Start at the line in the entries below that contains "Rinv_0_lt_compat; lra |].", stop at the line that contains "with (i * i", and output exactly the lines in that span, both ends included.

EXTRACTED INFORMATION Start Marker

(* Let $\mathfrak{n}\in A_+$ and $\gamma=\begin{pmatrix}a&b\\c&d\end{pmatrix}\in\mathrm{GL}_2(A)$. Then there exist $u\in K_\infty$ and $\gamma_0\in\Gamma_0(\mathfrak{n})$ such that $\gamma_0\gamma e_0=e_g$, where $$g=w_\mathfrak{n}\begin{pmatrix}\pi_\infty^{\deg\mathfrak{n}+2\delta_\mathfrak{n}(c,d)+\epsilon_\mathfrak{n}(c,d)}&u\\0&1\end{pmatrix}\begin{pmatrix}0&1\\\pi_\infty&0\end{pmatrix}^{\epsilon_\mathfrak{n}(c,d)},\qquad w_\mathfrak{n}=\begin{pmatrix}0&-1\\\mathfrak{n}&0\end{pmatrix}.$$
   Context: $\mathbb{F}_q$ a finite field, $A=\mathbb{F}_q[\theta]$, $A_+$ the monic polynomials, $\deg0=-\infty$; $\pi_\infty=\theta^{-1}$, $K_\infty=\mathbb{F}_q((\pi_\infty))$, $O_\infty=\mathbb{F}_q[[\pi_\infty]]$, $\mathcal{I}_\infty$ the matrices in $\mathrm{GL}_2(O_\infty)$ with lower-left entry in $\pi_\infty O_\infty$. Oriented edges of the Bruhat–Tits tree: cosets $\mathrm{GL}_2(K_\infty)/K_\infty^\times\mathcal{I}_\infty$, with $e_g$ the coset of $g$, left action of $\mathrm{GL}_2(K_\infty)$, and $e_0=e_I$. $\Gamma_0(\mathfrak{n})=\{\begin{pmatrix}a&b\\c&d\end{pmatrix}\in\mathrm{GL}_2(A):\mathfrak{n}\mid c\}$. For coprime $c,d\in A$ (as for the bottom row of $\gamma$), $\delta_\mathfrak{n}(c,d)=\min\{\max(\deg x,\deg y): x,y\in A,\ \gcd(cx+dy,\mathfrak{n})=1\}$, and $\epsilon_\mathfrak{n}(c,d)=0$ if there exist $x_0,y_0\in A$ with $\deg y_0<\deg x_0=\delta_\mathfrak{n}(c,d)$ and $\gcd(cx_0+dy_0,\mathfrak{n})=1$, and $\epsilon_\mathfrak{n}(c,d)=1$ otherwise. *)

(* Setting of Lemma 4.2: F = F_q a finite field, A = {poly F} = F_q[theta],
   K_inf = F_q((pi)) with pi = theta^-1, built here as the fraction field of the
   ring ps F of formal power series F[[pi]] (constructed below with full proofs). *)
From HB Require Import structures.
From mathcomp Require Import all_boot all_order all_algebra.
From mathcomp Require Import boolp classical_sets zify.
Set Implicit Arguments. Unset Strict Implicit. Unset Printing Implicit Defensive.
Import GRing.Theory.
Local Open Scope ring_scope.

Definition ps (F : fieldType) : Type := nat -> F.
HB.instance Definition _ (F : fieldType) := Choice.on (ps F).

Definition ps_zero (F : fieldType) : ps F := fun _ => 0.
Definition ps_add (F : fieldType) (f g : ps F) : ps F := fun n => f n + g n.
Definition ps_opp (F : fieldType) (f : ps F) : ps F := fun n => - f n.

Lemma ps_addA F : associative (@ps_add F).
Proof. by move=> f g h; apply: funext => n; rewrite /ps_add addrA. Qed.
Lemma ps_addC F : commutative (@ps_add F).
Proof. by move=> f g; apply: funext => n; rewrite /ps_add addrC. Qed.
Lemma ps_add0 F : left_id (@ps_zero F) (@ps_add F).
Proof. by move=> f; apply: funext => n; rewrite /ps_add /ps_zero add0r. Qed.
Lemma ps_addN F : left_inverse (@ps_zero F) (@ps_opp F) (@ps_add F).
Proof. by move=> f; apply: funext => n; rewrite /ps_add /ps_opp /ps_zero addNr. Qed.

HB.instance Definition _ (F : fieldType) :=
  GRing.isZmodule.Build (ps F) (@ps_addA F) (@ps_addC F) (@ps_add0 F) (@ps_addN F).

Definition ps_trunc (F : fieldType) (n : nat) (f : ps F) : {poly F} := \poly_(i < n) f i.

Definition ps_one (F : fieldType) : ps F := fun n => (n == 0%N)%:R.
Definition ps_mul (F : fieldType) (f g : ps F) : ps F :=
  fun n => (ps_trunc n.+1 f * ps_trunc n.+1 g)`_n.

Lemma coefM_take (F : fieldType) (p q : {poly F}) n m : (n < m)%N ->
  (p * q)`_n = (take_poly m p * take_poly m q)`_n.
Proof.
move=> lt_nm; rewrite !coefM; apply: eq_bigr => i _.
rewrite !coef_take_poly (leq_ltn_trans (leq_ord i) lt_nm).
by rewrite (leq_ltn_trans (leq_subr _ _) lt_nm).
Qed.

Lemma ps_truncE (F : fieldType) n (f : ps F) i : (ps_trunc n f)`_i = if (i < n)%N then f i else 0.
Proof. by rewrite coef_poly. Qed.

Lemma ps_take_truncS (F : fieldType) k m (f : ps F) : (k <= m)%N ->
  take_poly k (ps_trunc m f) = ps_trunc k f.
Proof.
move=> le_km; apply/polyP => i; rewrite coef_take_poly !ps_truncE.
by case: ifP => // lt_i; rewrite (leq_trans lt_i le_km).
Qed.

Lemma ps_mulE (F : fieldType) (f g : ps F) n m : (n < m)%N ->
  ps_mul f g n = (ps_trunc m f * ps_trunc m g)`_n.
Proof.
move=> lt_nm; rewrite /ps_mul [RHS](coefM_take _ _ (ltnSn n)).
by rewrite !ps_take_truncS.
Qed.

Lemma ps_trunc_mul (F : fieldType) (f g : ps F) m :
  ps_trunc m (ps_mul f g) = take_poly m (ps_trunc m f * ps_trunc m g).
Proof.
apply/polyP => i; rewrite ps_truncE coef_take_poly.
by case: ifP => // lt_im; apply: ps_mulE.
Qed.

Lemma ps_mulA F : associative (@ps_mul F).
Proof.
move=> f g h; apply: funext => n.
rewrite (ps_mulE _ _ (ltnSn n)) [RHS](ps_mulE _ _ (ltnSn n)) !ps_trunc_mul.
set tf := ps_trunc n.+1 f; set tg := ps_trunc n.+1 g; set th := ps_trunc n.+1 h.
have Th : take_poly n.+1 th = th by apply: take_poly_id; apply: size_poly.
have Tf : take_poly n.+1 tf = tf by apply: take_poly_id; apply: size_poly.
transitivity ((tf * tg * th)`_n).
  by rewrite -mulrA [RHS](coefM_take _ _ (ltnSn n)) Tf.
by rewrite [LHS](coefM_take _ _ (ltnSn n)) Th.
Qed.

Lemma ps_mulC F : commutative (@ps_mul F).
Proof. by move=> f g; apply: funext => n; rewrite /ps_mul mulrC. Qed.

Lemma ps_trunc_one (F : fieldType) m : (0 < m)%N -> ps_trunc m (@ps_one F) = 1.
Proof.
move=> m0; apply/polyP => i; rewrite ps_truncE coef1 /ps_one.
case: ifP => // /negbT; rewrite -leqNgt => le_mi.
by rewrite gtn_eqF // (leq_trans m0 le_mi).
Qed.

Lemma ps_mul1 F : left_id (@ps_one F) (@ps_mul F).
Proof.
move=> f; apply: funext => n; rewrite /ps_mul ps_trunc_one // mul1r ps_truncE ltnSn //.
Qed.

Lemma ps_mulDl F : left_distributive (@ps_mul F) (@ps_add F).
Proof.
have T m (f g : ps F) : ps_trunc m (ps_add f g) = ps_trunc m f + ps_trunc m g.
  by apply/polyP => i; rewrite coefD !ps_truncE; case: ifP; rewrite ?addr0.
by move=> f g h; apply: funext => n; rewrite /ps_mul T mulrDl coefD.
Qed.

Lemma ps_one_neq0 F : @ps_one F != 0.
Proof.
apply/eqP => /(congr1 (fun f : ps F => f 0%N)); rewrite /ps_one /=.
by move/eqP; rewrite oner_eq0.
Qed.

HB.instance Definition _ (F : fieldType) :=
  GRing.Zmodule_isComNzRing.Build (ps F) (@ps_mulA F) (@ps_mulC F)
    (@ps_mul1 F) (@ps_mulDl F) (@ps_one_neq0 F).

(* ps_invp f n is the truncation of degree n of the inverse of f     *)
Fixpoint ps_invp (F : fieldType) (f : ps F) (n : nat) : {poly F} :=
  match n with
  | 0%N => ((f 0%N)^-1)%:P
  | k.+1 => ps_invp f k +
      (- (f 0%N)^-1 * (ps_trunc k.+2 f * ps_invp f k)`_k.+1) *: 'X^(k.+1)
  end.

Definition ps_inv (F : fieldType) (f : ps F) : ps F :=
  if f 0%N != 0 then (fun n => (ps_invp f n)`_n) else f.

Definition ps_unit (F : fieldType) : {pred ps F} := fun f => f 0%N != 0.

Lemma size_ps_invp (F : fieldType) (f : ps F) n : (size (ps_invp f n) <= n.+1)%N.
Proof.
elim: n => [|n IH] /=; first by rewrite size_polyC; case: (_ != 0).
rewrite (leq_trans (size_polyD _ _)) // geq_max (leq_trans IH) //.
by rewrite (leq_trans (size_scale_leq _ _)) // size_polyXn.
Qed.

EXTRACTED INFORMATION End Marker
EXTRACTED INFORMATION Start Marker

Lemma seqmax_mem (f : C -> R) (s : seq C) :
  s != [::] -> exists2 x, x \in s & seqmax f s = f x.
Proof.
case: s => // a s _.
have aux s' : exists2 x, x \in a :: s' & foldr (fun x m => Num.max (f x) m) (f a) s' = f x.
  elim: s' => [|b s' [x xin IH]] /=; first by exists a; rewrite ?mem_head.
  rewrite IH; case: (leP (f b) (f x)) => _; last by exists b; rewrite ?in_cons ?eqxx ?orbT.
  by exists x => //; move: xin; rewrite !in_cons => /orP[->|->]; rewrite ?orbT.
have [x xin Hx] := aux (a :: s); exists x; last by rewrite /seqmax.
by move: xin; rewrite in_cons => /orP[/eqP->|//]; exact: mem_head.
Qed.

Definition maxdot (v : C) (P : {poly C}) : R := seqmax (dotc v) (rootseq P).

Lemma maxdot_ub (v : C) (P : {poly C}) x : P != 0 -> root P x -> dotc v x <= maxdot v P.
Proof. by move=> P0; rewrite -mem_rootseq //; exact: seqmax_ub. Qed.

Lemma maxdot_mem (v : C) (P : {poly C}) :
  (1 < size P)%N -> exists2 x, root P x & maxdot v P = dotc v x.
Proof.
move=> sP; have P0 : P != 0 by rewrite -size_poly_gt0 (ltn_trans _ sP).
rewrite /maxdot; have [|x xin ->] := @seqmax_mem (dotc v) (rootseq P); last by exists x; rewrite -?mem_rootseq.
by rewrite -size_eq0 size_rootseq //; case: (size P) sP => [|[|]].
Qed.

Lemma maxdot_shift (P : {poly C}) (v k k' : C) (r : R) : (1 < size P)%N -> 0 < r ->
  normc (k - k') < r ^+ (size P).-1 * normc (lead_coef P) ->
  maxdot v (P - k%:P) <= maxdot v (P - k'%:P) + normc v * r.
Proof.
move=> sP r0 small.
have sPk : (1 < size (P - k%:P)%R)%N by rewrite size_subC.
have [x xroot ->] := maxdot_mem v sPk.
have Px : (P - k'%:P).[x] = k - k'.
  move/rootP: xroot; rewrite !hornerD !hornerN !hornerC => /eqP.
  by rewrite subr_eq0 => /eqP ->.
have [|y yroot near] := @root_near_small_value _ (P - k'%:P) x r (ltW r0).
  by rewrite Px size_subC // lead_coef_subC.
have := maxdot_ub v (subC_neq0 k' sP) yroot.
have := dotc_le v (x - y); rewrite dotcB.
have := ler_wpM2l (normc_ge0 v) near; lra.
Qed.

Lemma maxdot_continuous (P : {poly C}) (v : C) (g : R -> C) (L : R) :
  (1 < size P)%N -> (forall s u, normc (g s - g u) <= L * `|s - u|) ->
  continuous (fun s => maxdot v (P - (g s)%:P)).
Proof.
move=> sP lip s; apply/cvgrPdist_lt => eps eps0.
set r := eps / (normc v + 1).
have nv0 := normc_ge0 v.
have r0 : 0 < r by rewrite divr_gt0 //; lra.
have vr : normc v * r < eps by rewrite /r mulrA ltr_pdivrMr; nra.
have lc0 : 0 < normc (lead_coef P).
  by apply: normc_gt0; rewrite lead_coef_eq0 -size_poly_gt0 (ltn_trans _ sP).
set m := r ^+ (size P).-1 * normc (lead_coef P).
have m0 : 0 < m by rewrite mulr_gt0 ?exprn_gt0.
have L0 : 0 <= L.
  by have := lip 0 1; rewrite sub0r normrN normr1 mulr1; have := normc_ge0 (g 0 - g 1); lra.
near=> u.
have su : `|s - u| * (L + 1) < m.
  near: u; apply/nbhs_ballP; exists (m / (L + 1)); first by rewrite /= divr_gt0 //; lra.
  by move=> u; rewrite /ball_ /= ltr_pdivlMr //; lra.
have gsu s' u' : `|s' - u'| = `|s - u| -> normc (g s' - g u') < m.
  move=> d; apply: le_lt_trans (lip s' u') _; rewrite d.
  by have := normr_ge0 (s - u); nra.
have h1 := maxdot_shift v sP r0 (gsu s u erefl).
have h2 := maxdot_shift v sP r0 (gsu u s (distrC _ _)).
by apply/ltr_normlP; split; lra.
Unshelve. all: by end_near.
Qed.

EXTRACTED INFORMATION End Marker
EXTRACTED INFORMATION Start Marker

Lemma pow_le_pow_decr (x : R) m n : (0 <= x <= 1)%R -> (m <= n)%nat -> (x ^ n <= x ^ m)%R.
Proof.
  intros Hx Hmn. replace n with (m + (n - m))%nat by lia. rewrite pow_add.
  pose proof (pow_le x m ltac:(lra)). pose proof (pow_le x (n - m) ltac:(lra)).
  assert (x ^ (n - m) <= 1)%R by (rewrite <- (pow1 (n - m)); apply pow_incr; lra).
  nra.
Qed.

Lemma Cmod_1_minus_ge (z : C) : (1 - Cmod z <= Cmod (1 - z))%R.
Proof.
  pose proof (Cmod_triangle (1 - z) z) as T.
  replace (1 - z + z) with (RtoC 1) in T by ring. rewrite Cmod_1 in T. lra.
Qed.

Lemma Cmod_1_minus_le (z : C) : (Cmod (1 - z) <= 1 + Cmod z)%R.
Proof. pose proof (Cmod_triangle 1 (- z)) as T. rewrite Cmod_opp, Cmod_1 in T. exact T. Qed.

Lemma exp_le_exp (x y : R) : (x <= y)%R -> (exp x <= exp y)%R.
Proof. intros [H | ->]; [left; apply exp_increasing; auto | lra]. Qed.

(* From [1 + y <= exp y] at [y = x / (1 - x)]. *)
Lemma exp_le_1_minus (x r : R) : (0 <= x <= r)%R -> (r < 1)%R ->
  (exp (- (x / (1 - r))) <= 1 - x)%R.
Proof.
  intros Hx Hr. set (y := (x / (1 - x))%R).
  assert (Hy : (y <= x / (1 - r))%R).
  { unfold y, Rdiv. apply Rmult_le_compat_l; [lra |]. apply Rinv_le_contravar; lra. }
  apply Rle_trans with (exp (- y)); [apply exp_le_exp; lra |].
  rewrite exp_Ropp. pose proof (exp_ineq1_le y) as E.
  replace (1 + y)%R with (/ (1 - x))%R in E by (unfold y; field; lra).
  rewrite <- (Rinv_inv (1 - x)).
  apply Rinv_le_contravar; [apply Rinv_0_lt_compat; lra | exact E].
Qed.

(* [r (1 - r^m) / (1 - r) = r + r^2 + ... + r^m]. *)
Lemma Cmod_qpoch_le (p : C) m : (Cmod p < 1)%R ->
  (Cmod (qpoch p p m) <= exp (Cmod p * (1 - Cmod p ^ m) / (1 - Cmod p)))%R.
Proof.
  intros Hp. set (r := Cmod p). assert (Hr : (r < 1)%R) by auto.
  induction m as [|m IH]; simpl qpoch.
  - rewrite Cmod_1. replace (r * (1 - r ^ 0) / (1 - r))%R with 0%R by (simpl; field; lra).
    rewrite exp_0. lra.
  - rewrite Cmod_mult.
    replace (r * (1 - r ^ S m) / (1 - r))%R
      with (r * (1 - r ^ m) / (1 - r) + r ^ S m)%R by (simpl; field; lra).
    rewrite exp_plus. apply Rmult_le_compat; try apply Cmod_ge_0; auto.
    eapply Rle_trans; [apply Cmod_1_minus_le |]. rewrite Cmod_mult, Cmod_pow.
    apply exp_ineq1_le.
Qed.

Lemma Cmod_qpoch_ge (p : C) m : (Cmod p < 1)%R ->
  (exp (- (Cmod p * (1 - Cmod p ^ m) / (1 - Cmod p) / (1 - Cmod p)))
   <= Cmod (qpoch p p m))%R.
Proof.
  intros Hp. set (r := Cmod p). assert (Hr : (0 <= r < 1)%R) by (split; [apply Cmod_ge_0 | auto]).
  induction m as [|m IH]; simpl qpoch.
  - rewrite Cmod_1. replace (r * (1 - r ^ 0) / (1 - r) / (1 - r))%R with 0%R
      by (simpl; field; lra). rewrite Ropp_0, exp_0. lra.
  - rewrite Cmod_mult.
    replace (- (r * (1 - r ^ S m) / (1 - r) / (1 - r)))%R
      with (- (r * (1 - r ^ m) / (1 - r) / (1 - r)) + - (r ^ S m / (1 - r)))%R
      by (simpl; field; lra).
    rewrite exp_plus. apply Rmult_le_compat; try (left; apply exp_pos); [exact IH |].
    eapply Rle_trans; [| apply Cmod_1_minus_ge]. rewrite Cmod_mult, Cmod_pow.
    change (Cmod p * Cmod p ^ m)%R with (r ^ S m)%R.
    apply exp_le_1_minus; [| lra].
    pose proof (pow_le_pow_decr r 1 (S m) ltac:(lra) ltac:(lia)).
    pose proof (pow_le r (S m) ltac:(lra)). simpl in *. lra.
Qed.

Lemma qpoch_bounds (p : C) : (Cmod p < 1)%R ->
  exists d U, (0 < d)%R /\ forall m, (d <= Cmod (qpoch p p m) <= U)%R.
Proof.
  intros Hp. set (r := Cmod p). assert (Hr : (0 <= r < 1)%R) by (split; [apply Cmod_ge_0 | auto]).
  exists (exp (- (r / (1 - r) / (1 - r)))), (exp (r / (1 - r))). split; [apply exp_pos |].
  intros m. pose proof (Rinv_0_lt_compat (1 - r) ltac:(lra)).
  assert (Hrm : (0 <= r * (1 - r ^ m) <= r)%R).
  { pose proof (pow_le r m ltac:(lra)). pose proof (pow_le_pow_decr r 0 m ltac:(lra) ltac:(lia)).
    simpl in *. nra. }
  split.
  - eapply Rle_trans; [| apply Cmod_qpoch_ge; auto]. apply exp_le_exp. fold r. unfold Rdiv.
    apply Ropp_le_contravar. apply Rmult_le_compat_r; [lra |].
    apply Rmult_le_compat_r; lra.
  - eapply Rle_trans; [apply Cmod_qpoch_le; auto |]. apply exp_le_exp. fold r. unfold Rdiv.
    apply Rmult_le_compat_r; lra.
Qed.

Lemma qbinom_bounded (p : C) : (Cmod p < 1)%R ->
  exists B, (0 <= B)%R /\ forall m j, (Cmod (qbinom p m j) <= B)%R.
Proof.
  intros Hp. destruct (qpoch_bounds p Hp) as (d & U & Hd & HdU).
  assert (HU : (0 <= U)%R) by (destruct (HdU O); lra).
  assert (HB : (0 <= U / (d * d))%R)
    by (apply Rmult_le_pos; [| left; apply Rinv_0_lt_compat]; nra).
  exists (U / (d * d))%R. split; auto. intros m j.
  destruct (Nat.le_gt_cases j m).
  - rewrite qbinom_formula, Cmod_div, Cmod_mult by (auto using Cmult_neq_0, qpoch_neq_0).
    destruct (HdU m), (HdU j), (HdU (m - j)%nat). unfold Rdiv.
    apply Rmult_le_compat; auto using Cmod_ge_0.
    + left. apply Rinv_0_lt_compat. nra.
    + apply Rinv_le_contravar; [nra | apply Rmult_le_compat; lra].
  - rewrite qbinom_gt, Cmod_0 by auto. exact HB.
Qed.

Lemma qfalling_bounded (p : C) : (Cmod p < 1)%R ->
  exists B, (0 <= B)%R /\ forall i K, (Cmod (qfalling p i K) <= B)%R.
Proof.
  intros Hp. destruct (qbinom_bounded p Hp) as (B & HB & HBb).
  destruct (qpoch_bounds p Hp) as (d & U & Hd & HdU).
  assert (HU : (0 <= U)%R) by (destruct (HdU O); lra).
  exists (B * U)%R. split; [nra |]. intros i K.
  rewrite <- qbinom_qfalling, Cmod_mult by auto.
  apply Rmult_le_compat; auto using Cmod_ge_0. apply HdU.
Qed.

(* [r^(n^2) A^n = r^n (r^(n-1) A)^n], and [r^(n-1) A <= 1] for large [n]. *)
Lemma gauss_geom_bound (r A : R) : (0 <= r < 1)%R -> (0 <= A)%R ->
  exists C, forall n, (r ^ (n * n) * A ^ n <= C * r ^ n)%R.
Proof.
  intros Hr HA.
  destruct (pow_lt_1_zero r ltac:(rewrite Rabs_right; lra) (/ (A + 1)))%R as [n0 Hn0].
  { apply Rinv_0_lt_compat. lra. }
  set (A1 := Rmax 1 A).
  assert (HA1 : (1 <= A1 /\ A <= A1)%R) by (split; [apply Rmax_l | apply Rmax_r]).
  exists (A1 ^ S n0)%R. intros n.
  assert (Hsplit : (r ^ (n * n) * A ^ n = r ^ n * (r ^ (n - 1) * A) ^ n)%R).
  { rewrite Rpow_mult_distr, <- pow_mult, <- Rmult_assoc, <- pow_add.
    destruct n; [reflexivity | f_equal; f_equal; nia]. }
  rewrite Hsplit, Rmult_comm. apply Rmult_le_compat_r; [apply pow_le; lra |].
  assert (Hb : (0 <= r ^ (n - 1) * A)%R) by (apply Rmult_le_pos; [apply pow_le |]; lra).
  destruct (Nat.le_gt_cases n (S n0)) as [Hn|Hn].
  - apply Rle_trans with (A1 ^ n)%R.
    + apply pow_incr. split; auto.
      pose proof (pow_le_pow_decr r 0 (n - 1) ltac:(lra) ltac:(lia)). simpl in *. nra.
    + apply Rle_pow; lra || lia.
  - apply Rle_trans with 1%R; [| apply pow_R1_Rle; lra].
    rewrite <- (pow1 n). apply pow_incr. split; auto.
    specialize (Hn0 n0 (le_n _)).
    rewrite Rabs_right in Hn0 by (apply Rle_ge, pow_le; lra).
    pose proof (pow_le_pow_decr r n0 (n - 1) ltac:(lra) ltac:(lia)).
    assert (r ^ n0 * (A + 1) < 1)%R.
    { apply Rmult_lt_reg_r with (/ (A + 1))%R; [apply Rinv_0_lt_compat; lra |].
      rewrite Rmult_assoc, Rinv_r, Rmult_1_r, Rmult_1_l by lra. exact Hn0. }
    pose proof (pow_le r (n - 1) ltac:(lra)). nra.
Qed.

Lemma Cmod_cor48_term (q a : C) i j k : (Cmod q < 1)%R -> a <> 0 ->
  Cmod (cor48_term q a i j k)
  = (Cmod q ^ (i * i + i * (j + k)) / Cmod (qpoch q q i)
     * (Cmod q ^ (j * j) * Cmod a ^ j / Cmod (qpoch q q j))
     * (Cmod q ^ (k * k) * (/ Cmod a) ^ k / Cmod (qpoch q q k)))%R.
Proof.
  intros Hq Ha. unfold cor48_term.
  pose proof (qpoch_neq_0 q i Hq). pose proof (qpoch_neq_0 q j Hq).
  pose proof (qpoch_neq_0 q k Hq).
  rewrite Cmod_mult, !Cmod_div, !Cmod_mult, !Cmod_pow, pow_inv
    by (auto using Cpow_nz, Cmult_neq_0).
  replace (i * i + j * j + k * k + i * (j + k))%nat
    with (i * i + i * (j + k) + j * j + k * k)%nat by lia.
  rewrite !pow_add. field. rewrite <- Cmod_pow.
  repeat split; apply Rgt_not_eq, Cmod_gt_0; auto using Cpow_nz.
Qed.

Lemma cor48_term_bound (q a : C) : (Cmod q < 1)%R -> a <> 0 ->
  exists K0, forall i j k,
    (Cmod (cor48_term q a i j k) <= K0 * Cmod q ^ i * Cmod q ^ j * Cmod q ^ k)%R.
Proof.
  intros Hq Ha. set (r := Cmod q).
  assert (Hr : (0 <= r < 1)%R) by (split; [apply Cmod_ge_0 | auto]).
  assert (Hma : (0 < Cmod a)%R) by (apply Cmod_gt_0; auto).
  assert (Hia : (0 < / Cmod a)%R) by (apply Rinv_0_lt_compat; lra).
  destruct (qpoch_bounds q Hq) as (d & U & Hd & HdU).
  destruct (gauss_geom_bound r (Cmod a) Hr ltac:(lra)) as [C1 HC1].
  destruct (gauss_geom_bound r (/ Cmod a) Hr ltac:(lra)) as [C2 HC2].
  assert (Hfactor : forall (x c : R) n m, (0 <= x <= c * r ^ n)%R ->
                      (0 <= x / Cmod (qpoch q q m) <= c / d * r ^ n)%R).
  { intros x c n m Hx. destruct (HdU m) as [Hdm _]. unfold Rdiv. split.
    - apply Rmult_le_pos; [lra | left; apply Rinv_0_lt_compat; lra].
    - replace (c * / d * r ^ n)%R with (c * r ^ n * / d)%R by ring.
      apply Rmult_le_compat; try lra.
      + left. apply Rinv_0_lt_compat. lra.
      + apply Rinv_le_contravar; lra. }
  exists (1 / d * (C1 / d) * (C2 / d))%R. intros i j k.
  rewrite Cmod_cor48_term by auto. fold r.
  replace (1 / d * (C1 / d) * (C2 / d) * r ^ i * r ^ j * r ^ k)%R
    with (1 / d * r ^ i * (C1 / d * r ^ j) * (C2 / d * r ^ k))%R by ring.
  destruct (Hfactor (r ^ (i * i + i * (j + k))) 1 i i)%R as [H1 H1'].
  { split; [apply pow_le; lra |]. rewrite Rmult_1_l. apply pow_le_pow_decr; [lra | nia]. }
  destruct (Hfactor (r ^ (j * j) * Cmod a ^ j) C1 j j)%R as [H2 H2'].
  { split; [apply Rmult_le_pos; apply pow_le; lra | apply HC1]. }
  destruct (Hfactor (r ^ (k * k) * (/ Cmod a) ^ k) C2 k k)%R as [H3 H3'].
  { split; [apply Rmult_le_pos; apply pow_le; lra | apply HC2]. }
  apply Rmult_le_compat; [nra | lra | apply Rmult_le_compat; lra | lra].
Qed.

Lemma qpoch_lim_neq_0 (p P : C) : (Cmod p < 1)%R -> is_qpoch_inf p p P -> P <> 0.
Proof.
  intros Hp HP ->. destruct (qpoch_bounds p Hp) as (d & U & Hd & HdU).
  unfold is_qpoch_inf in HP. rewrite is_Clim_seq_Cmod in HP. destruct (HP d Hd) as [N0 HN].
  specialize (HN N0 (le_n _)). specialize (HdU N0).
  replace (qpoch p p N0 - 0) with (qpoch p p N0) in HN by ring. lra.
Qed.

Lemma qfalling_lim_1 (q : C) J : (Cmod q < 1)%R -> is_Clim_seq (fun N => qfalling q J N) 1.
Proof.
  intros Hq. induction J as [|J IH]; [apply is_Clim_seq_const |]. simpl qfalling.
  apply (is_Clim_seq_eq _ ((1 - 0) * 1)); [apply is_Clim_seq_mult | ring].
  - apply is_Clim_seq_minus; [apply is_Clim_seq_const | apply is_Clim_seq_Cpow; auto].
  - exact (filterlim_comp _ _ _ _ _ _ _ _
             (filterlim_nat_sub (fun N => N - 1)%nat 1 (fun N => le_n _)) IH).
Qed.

EXTRACTED INFORMATION End Marker

*REPLY*
    { apply Rmult_lt_reg_r with (/ (A + 1))%R; [apply Rinv_0_lt_compat; lra |].
      rewrite Rmult_assoc, Rinv_r, Rmult_1_r, Rmult_1_l by lra. exact Hn0. }
    pose proof (pow_le r (n - 1) ltac:(lra)). nra.
Qed.

Lemma Cmod_cor48_term (q a : C) i j k : (Cmod q < 1)%R -> a <> 0 ->
  Cmod (cor48_term q a i j k)
  = (Cmod q ^ (i * i + i * (j + k)) / Cmod (qpoch q q i)
     * (Cmod q ^ (j * j) * Cmod a ^ j / Cmod (qpoch q q j))
     * (Cmod q ^ (k * k) * (/ Cmod a) ^ k / Cmod (qpoch q q k)))%R.
Proof.
  intros Hq Ha. unfold cor48_term.
  pose proof (qpoch_neq_0 q i Hq). pose proof (qpoch_neq_0 q j Hq).
  pose proof (qpoch_neq_0 q k Hq).
  rewrite Cmod_mult, !Cmod_div, !Cmod_mult, !Cmod_pow, pow_inv
    by (auto using Cpow_nz, Cmult_neq_0).
  replace (i * i + j * j + k * k + i * (j + k))%nat
    with (i * i + i * (j + k) + j * j + k * k)%nat by lia.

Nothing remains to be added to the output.